[Records contained in a dataset]
-=-=-=-=-

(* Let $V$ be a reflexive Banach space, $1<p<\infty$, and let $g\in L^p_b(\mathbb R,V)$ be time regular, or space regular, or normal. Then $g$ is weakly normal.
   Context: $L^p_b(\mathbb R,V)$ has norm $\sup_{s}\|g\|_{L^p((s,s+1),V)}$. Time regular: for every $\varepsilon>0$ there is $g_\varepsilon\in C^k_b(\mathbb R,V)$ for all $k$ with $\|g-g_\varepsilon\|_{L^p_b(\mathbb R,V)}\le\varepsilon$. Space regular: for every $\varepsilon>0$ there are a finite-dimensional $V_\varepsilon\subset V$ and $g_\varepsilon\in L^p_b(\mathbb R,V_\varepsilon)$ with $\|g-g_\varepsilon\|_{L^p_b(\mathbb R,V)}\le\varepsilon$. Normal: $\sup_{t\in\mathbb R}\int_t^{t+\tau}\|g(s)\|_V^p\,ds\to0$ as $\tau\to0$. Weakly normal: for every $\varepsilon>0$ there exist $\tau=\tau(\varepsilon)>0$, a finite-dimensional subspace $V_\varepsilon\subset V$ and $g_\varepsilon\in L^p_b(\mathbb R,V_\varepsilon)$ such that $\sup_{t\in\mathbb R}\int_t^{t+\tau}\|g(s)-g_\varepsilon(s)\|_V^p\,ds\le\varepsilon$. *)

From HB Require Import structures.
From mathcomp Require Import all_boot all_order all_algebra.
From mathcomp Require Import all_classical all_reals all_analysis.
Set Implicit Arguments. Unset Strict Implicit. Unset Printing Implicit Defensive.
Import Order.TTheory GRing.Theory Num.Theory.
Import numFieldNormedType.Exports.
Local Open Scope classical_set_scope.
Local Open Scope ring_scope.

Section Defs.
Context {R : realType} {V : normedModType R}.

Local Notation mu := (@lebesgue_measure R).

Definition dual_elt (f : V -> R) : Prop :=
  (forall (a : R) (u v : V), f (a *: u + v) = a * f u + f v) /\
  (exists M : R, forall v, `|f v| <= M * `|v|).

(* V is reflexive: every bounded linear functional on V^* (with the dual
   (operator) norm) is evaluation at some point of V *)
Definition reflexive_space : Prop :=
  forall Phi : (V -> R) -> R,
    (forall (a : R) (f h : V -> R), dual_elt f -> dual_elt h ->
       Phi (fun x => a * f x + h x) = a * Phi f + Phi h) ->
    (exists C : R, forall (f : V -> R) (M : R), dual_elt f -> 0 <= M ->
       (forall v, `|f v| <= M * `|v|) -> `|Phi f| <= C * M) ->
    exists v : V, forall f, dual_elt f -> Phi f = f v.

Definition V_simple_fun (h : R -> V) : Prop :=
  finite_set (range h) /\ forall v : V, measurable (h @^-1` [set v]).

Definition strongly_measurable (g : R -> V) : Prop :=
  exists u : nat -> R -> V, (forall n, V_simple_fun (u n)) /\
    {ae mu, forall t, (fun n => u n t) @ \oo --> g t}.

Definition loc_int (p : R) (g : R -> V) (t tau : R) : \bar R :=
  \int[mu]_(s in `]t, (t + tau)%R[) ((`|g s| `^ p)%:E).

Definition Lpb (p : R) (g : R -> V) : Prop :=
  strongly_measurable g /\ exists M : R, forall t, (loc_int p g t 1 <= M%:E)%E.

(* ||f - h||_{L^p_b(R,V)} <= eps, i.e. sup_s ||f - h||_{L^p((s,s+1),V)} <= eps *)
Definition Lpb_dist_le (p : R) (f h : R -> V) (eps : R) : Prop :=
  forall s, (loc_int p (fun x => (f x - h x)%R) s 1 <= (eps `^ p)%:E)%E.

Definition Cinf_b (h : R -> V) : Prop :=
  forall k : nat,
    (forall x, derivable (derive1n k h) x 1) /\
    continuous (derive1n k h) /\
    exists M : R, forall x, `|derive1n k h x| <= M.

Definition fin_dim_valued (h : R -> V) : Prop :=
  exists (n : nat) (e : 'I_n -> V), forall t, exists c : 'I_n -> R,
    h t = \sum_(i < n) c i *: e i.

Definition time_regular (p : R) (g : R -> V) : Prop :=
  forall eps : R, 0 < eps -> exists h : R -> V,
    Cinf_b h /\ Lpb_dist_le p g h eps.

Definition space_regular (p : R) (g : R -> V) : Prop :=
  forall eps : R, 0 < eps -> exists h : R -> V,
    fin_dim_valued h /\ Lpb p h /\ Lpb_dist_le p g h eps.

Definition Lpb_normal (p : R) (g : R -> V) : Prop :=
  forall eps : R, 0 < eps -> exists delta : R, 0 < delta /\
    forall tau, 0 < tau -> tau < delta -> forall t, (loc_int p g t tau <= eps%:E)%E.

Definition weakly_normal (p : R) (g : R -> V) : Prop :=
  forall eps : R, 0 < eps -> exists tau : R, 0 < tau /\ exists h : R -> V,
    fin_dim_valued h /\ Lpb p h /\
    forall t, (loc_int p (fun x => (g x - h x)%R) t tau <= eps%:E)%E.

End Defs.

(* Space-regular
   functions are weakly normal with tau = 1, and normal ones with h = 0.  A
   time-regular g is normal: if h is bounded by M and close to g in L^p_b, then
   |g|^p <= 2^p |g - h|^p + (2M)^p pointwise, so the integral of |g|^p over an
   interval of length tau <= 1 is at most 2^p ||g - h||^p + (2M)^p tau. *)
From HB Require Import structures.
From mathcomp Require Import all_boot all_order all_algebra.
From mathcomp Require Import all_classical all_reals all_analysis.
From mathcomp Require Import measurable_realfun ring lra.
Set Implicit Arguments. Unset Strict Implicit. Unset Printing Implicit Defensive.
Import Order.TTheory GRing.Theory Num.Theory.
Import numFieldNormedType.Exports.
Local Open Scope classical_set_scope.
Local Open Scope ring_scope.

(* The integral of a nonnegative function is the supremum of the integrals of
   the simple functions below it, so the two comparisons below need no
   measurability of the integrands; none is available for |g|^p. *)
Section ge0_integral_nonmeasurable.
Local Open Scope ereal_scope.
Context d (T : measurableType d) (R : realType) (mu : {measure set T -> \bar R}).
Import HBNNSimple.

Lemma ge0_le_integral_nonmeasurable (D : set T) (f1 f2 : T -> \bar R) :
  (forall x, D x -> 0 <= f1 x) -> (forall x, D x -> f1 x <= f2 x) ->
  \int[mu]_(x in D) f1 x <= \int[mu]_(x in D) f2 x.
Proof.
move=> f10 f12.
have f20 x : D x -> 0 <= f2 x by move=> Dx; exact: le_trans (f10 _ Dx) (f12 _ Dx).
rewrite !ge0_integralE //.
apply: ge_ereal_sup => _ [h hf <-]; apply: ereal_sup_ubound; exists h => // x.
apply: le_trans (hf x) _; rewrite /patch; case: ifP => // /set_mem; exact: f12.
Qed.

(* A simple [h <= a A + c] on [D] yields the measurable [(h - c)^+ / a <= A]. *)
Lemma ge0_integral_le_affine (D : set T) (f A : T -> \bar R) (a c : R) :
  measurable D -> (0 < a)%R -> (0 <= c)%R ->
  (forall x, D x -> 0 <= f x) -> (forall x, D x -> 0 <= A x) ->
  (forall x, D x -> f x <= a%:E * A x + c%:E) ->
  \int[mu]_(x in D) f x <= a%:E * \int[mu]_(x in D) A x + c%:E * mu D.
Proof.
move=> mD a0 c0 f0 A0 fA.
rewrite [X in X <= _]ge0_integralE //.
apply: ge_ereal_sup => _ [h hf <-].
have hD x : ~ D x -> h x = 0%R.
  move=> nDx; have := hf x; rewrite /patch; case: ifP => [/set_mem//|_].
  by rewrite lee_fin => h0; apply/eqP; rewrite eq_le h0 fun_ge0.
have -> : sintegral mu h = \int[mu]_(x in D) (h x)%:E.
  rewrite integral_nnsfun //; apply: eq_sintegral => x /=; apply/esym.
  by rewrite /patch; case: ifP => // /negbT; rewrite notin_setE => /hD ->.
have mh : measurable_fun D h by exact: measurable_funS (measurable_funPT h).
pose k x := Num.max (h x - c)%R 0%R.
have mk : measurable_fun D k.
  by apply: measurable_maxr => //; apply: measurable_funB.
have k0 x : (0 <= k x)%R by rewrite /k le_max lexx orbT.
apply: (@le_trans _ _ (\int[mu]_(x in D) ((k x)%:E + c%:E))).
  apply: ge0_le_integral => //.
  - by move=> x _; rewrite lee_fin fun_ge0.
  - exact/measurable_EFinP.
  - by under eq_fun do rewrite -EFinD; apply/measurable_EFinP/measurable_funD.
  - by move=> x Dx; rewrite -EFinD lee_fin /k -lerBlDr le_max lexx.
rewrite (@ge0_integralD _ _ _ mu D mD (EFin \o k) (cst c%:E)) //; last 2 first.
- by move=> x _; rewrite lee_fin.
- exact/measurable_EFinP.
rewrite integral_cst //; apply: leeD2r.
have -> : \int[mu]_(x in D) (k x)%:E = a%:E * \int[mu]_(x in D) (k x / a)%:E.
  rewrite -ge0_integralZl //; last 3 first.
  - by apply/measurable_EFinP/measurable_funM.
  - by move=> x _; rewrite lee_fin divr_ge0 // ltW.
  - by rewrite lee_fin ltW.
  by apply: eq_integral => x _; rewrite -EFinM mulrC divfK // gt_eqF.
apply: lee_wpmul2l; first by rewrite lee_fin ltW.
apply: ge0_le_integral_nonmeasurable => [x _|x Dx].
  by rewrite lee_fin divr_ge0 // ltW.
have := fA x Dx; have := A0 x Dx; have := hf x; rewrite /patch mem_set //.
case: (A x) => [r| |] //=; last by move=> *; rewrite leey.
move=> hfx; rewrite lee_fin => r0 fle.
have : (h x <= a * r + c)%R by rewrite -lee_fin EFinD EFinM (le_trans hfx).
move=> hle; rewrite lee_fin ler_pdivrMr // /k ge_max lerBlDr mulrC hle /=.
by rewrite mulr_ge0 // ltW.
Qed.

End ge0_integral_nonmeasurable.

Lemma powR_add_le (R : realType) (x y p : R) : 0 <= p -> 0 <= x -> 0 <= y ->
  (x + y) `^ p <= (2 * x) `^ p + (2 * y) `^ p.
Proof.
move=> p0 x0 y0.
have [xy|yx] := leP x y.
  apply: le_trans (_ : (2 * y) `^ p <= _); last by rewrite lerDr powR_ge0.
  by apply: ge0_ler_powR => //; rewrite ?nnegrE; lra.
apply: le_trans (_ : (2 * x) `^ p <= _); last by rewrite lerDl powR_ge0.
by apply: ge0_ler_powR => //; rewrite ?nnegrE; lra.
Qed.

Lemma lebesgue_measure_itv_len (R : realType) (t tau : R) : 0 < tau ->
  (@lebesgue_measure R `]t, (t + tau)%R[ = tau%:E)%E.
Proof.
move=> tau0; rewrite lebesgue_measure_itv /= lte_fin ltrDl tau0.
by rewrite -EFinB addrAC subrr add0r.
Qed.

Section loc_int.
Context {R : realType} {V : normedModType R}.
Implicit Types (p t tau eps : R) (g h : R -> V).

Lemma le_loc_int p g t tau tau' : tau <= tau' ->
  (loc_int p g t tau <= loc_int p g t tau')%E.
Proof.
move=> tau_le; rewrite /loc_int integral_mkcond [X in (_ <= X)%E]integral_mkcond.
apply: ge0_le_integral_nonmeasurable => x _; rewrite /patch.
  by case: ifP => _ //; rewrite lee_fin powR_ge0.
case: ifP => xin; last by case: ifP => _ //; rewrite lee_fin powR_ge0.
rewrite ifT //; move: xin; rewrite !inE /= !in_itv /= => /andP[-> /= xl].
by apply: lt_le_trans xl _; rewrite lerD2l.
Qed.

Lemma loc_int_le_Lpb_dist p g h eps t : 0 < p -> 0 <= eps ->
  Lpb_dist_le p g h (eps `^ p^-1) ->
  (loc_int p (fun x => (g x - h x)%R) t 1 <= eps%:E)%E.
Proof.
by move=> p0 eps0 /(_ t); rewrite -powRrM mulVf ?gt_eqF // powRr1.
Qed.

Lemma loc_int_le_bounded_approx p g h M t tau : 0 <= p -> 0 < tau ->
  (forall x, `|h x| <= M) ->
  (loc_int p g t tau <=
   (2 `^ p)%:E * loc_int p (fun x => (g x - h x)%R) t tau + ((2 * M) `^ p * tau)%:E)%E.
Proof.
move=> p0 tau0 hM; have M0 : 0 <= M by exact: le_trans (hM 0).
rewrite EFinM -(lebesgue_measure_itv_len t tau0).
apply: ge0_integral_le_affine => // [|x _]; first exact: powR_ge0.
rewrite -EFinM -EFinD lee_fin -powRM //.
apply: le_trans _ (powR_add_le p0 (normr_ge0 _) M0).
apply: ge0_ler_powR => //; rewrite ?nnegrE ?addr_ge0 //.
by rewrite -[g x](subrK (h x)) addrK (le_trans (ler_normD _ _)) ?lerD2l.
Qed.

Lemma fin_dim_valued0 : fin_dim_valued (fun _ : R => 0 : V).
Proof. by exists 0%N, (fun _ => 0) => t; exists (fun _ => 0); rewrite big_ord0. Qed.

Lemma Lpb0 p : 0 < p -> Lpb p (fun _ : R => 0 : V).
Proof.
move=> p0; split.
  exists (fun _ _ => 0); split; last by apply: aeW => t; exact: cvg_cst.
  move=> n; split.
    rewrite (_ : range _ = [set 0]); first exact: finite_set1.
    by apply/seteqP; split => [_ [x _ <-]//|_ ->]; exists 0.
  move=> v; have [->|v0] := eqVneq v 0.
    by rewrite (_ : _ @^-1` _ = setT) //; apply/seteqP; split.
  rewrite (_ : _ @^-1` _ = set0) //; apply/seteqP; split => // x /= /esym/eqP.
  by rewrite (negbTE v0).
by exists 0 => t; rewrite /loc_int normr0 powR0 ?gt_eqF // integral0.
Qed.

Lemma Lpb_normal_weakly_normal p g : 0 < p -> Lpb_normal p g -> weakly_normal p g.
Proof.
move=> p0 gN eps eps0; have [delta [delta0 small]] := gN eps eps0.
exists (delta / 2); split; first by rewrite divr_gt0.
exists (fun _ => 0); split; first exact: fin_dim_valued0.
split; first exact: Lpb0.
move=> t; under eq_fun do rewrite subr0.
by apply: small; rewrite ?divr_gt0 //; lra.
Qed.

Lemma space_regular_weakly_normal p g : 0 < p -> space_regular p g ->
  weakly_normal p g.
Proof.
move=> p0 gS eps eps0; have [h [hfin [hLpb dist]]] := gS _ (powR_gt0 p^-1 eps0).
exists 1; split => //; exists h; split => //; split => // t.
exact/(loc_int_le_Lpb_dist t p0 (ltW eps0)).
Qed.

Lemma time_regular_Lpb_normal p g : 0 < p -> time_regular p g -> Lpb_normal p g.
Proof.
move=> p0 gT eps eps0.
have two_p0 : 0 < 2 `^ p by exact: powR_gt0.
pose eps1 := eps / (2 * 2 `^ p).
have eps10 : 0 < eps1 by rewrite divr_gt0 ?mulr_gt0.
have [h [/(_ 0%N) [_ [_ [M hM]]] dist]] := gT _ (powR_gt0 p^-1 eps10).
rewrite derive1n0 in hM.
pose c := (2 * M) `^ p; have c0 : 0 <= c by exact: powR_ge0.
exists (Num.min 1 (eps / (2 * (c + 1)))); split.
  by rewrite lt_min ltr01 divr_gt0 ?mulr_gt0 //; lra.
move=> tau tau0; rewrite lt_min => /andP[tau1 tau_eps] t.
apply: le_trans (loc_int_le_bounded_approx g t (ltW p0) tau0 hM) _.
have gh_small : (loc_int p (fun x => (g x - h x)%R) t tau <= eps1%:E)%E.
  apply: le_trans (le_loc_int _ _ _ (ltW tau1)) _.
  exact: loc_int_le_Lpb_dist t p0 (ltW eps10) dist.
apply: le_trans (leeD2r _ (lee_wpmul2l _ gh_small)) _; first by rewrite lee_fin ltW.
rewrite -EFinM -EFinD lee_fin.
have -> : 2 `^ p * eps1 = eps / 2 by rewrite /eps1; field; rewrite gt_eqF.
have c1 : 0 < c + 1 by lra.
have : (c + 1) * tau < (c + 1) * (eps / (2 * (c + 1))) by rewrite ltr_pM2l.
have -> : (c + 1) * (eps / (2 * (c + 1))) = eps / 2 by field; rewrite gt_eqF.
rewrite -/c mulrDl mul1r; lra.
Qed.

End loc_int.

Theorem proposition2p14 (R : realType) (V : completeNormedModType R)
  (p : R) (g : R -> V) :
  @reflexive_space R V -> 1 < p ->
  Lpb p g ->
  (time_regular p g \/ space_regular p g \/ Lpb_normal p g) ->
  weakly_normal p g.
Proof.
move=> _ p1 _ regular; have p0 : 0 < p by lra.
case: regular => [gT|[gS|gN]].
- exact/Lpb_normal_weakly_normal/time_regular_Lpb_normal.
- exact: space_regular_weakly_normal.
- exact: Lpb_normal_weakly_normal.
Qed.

-=-=-=-=-

Look above for the line that contains "(* The integral". Starting there, transcribe every line exactly until you have copied the line that contains "by rewrite /patch;".

EXERCISE OUTPUT -
(* The integral of a nonnegative function is the supremum of the integrals of
   the simple functions below it, so the two comparisons below need no
   measurability of the integrands; none is available for |g|^p. *)
Section ge0_integral_nonmeasurable.
Local Open Scope ereal_scope.
Context d (T : measurableType d) (R : realType) (mu : {measure set T -> \bar R}).
Import HBNNSimple.

Lemma ge0_le_integral_nonmeasurable (D : set T) (f1 f2 : T -> \bar R) :
  (forall x, D x -> 0 <= f1 x) -> (forall x, D x -> f1 x <= f2 x) ->
  \int[mu]_(x in D) f1 x <= \int[mu]_(x in D) f2 x.
Proof.
move=> f10 f12.
have f20 x : D x -> 0 <= f2 x by move=> Dx; exact: le_trans (f10 _ Dx) (f12 _ Dx).
rewrite !ge0_integralE //.
apply: ge_ereal_sup => _ [h hf <-]; apply: ereal_sup_ubound; exists h => // x.
apply: le_trans (hf x) _; rewrite /patch; case: ifP => // /set_mem; exact: f12.
Qed.

(* A simple [h <= a A + c] on [D] yields the measurable [(h - c)^+ / a <= A]. *)
Lemma ge0_integral_le_affine (D : set T) (f A : T -> \bar R) (a c : R) :
  measurable D -> (0 < a)%R -> (0 <= c)%R ->
  (forall x, D x -> 0 <= f x) -> (forall x, D x -> 0 <= A x) ->
  (forall x, D x -> f x <= a%:E * A x + c%:E) ->
  \int[mu]_(x in D) f x <= a%:E * \int[mu]_(x in D) A x + c%:E * mu D.
Proof.
move=> mD a0 c0 f0 A0 fA.
rewrite [X in X <= _]ge0_integralE //.
apply: ge_ereal_sup => _ [h hf <-].
have hD x : ~ D x -> h x = 0%R.
  move=> nDx; have := hf x; rewrite /patch; case: ifP => [/set_mem//|_].
  by rewrite lee_fin => h0; apply/eqP; rewrite eq_le h0 fun_ge0.
have -> : sintegral mu h = \int[mu]_(x in D) (h x)%:E.
  rewrite integral_nnsfun //; apply: eq_sintegral => x /=; apply/esym.
  by rewrite /patch; case: ifP => // /negbT; rewrite notin_setE => /hD ->.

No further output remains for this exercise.